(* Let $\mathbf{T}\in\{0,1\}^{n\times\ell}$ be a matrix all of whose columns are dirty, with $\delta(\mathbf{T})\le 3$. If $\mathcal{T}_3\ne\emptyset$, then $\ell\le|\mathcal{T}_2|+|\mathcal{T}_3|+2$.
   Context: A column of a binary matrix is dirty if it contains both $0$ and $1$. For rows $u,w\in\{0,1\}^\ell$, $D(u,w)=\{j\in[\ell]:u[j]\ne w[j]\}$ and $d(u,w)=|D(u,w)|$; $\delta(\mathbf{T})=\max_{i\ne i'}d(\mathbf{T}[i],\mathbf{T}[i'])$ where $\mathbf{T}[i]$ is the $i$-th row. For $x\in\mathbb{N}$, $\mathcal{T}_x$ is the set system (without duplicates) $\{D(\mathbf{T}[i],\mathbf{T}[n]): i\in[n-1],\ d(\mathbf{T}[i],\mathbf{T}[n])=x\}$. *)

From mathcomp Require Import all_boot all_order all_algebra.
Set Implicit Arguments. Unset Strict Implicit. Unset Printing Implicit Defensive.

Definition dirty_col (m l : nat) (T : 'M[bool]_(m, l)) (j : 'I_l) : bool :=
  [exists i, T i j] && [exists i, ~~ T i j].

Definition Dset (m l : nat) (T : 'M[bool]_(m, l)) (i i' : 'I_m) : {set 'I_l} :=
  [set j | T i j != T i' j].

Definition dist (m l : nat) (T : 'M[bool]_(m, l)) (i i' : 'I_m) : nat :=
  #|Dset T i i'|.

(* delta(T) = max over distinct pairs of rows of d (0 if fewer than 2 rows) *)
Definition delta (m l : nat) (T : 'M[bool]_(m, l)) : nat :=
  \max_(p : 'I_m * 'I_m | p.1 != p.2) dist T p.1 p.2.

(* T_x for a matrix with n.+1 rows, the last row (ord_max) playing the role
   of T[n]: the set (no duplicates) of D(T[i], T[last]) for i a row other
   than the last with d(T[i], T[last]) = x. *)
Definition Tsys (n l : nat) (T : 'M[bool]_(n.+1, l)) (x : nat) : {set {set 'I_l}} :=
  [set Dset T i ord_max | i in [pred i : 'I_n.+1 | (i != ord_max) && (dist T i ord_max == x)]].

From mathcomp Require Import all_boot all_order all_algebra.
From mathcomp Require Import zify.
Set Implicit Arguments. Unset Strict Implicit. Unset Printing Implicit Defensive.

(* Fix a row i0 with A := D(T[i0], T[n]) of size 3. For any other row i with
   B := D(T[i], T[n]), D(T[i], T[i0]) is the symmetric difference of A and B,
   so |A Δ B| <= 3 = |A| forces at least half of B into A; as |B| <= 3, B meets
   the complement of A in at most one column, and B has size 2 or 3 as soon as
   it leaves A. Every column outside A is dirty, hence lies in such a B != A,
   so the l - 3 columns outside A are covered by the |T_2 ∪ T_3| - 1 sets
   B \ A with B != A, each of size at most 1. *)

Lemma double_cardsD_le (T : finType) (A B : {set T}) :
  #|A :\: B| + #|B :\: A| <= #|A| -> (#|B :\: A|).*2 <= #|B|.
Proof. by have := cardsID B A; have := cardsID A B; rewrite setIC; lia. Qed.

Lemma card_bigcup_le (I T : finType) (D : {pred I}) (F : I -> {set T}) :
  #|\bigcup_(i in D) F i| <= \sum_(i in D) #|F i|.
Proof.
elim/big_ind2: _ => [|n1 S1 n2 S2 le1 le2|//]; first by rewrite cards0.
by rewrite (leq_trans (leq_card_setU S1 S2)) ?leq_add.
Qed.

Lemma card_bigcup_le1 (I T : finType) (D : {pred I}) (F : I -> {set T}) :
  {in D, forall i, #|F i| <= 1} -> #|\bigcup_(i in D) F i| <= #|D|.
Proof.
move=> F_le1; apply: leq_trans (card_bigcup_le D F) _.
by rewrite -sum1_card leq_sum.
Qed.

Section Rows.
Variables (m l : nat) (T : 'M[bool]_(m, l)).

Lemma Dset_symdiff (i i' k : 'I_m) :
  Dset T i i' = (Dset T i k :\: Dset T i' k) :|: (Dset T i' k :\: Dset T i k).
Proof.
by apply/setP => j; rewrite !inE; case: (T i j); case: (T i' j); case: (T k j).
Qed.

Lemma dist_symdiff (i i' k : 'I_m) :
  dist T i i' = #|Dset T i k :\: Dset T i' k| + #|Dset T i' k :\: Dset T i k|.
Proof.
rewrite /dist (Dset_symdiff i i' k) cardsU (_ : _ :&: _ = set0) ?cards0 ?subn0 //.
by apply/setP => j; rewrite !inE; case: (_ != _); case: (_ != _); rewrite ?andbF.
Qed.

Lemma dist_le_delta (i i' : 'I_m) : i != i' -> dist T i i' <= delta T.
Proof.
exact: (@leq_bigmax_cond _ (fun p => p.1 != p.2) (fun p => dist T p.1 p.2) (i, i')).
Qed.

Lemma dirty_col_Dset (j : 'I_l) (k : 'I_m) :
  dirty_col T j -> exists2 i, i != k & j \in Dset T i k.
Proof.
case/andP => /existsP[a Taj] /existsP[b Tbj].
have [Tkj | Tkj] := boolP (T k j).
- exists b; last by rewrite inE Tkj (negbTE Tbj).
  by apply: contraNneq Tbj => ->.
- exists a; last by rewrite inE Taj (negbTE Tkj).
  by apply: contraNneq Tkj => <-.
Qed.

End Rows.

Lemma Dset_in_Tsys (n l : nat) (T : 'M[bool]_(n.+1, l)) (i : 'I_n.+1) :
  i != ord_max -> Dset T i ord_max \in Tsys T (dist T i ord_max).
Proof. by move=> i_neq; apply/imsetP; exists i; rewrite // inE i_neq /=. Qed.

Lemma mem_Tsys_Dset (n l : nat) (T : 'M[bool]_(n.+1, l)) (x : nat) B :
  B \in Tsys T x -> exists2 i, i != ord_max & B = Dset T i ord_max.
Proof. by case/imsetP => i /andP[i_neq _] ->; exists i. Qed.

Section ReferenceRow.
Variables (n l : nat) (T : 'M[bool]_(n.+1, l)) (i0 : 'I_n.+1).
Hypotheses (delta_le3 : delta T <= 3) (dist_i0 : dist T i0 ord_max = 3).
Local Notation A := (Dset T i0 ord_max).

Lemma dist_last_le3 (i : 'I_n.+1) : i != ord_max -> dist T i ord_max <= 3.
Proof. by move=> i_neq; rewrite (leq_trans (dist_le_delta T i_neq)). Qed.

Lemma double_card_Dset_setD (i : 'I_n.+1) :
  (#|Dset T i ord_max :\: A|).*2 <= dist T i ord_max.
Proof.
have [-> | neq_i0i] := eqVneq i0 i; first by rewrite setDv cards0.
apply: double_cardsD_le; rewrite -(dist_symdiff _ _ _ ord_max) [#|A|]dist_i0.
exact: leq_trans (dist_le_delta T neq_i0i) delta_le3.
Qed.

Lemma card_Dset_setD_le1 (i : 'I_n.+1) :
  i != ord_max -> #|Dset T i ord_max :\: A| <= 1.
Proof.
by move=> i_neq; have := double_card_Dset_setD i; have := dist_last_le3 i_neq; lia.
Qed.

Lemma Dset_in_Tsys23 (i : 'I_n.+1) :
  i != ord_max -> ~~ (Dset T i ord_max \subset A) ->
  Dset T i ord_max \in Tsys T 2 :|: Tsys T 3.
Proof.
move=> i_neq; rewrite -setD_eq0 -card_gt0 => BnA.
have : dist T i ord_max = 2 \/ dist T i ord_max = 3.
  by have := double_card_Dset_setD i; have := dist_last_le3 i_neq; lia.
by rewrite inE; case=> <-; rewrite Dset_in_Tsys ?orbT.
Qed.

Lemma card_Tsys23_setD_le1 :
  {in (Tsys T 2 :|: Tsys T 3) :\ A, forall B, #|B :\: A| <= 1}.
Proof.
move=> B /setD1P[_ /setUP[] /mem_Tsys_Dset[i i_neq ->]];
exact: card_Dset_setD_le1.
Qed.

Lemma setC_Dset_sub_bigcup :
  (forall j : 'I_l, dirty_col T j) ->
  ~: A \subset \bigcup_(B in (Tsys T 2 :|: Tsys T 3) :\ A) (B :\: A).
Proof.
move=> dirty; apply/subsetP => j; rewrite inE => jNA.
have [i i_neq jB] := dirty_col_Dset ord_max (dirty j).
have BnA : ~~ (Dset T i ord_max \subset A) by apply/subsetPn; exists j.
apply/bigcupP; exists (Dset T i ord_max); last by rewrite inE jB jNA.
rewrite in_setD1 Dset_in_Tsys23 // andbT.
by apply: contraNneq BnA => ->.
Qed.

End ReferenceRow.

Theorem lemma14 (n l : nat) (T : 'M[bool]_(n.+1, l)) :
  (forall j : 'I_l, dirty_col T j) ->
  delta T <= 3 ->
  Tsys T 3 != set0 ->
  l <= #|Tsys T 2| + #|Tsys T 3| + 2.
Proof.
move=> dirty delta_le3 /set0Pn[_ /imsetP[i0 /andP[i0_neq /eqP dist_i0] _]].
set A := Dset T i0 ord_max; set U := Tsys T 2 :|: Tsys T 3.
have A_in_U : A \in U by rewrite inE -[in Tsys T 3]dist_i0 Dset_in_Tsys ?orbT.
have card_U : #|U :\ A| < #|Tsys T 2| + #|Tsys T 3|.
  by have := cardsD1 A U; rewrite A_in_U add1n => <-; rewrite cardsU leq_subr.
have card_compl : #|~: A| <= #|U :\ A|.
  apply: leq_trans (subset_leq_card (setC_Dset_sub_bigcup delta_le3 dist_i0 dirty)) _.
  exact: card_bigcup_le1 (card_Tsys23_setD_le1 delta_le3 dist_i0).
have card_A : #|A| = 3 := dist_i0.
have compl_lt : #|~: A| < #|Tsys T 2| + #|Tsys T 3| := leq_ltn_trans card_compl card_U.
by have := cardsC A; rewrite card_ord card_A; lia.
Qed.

--

• [Work instructions]
Return, word for word, the lines of the data above from the line with "have BnA : ~~" through the line with "have card_U : #|U", inclusive.

• [Output of the task]
have BnA : ~~ (Dset T i ord_max \subset A) by apply/subsetPn; exists j.
apply/bigcupP; exists (Dset T i ord_max); last by rewrite inE jB jNA.
rewrite in_setD1 Dset_in_Tsys23 // andbT.
by apply: contraNneq BnA => ->.
Qed.

End ReferenceRow.

Theorem lemma14 (n l : nat) (T : 'M[bool]_(n.+1, l)) :
  (forall j : 'I_l, dirty_col T j) ->
  delta T <= 3 ->
  Tsys T 3 != set0 ->
  l <= #|Tsys T 2| + #|Tsys T 3| + 2.
Proof.
move=> dirty delta_le3 /set0Pn[_ /imsetP[i0 /andP[i0_neq /eqP dist_i0] _]].
set A := Dset T i0 ord_max; set U := Tsys T 2 :|: Tsys T 3.
have A_in_U : A \in U by rewrite inE -[in Tsys T 3]dist_i0 Dset_in_Tsys ?orbT.
have card_U : #|U :\ A| < #|Tsys T 2| + #|Tsys T 3|.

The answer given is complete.